Analyst: Gold is being tested in a correction, these levels are critical!

Gold price continues to see selling pressure. However, according to a market analyst, this is where investors will see real courage in the market. In addition, the analyst states that he is closely monitoring some critical levels.

The recent price action of gold is a healthy and overdue correction!

As you can see from Kriptokoin.com**, gold rose above $2,448 in April. Thus, the shiny metal hit an all-time high. Over the course of this year, the gold market has risen by about $450. Market analyst Ole Hansen says gold is looking heavy as it has failed to make gains above $2,400 twice in the past two weeks. "From a trading psychology standpoint, it makes sense that some long positions that are on the lookout are starting to pull the plug off the table," Hansen says.

Gold prices fell as low as $2,304.60 overnight as low liquidity increased volatility in the market. However, prices rebounded in the North American session. In his latest research note on gold, Hansen considers the recent price action to be healthy. He also calls it a long overdue fix. Hansen adds that this selling pressure "will help determine momentum and managed money accounts, as well as the true level of underlying demand, which normally trades with a short term focus and will reduce long positions if the technical and/or fundamental picture changes."

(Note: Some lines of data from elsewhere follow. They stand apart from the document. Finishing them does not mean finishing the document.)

Lemma ideal_In_nsqfree m : ~~ msqfree m -> J 'X_[m].
Proof.
move=> /forallPn [i]; rewrite -ltnNge => lt1_mi.
have le_im : (U_(i) *+ 2 <= m)%MM.
  by apply/mnm_lepP => j; rewrite mulmnE mnm1E; case: eqP => [<-|].
by rewrite -(submK le_im) mpolyXD -mpolyXn; apply/ideal_InMl/ideal_In_Xsq.
Qed.

Lemma ideal_In_exprD x y a b N : J (x ^+ a) -> J (y ^+ b) -> (a + b <= N.+1)%N ->
  J ((x + y) ^+ N).
Proof.
move=> Jx Jy le_abN; rewrite exprDn; apply: ideal_In_sum => k _.
rewrite -mulr_natl; apply: ideal_InMl.
have [le_bk|lt_kb] := leqP b k.
  by rewrite -(subnK le_bk) exprD mulrA; apply: ideal_InMl.
have le_aNk : (a <= N - k)%N by move: (ltn_ord k); lia.
by rewrite mulrC -(subnK le_aNk) exprD mulrA; apply: ideal_InMl.
Qed.

Lemma ideal_In_sumX_seq (s : seq 'I_n) N : (size s < N)%N ->
  J ((\sum_(i <- s) 'X_i) ^+ N).
Proof.
elim: s N => [|i s IH] N lt_sN.
  by rewrite big_nil expr0n eqn0Ngt lt_sN; exact: ideal_In0.
rewrite big_cons; apply: (ideal_In_exprD _ _ 2 (size s).+1).
- exact: ideal_In_Xsq.
- exact: IH.
- by move: lt_sN => /=; lia.
Qed.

The analyst also looks at the technical outlook for gold. Hansen notes that the first resistance is at $2,322. However, he says he is watching the key Fibonacci retracement level between $2,255 and $2,260. "Holding above this level will send a signal to the market that a pullback is nothing more than a weak correction within a strong rise trend," says the analyst.

A critical factor that continues to support gold is the breath of the rally. Hansen points out that even within this correction, investors are still holding on to solid gains. In this context, the analyst makes the following assessment:

The depth of the correction now unfolding will depend on whether the levels that will force hedge funds to reduce some of the 17.9 million ounces (557 tons) of net long position they have amassed below $2,200 in the four-week period through March 12 will be broken. The current price is well above these entry levels. However, it is safer to assume that these positions will be defended at significantly higher levels. So that's why we're seeing the biggest single-day drop in almost two years.

Ole Hansen also looks beyond short term surge. The analyst says that it continues to rise on gold in the long term. Hansen adds that the factors behind the breakout rally remain in place. Geopolitical tensions have stabilized in recent days. However, it has not yet eased up. At the same time, central banks continue to buy gold and move away from the US dollar.

Meanwhile, the Federal Reserve pushed back expectations of rate cuts. That's why market expectations support higher bond yields and a stronger U.S. dollar. However, Hansen notes that this has become a secondary factor in the market. Hansen says rising government debt in major economies will support gold even as bond yields rise. In this regard, the analyst makes the following comment.

Treasury yields are not necessarily negative for gold, as they increase the focus on overall debt levels and their sustainability.